Start of Provided material

Lemma hom_nonzero_sub_image (Y : T -> Prop) :
  hom_nonzero_sub R M T Y -> hom_nonzero_sub R M X (submod_image Y).
Proof.
case=> f [m [fY fm]]; exists ((val : {linear T -> X}) \o f), m; split=> [m'|].
- by exists (f m').
- by move=> /submod_val_eq0.
Qed.

(* Homomorphisms M -> X landing in the image of Y factor through Y. *)
Lemma AnnM_sub_image (Y : T -> Prop) m :
  AnnM_sub R M T Y m -> AnnM_sub R M X (submod_image Y) m.
Proof.
move=> Am f fY.
have fS m' : S (f m') by have [t _ <-] := fY m'; apply: submod_valP.
have corestrY m' : Y (corestr hS fS m').
  have [t Yt ft] := fY m'.
  suff -> : corestr hS fS m' = t by [].
  by apply: val_inj; rewrite corestrE ft.
by rewrite -(corestrE hS fS) Am // (linear0 (val : {linear T -> X})).
Qed.

End SubmoduleTransfer.

Section Trace.
Variables (R : pzRingType) (M X : lmodType R).

Definition trace (x : X) : Prop :=
  exists (n : nat) (fs : 'I_n -> {linear M -> X}) (ms : 'I_n -> M),
    x = \sum_(i < n) fs i (ms i).

Lemma trace_submod : is_submod R X trace.
Proof.
split; [|split].
- by exists 0%N, (fun _ => \0), (fun _ => 0); rewrite big_ord0.
- move=> _ _ [n1 [f1 [m1 ->]]] [n2 [f2 [m2 ->]]].
  exists (n1 + n2)%N, (fun i => match split i with inl j => f1 j | inr j => f2 j end).
  exists (fun i => match split i with inl j => m1 j | inr j => m2 j end).
  rewrite big_split_ord /=; congr (_ + _); apply: eq_bigr => i _.
  + by rewrite -[lshift n2 i]/(unsplit (inl i)) unsplitK.
  + by rewrite -[rshift n1 i]/(unsplit (inr i)) unsplitK.
- move=> a _ [n [fs [ms ->]]]; exists n, fs, (fun i => a *: ms i).
  by rewrite scaler_sumr; apply: eq_bigr => i _; rewrite linearZ.
Qed.

Lemma trace_image (f : {linear M -> X}) m : trace (f m).
Proof. by exists 1%N, (fun _ => f), (fun _ => m); rewrite big_ord1. Qed.

Definition trace_module := submod_type trace_submod.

End of Provided material

- Action item -
Retype every line of the listing, word for word, from its opening line to the line that holds "move=> Am f fY.", and include that last line too.

- Response to this exercise -
Lemma hom_nonzero_sub_image (Y : T -> Prop) :
  hom_nonzero_sub R M T Y -> hom_nonzero_sub R M X (submod_image Y).
Proof.
case=> f [m [fY fm]]; exists ((val : {linear T -> X}) \o f), m; split=> [m'|].
- by exists (f m').
- by move=> /submod_val_eq0.
Qed.

(* Homomorphisms M -> X landing in the image of Y factor through Y. *)
Lemma AnnM_sub_image (Y : T -> Prop) m :
  AnnM_sub R M T Y m -> AnnM_sub R M X (submod_image Y) m.
Proof.
move=> Am f fY.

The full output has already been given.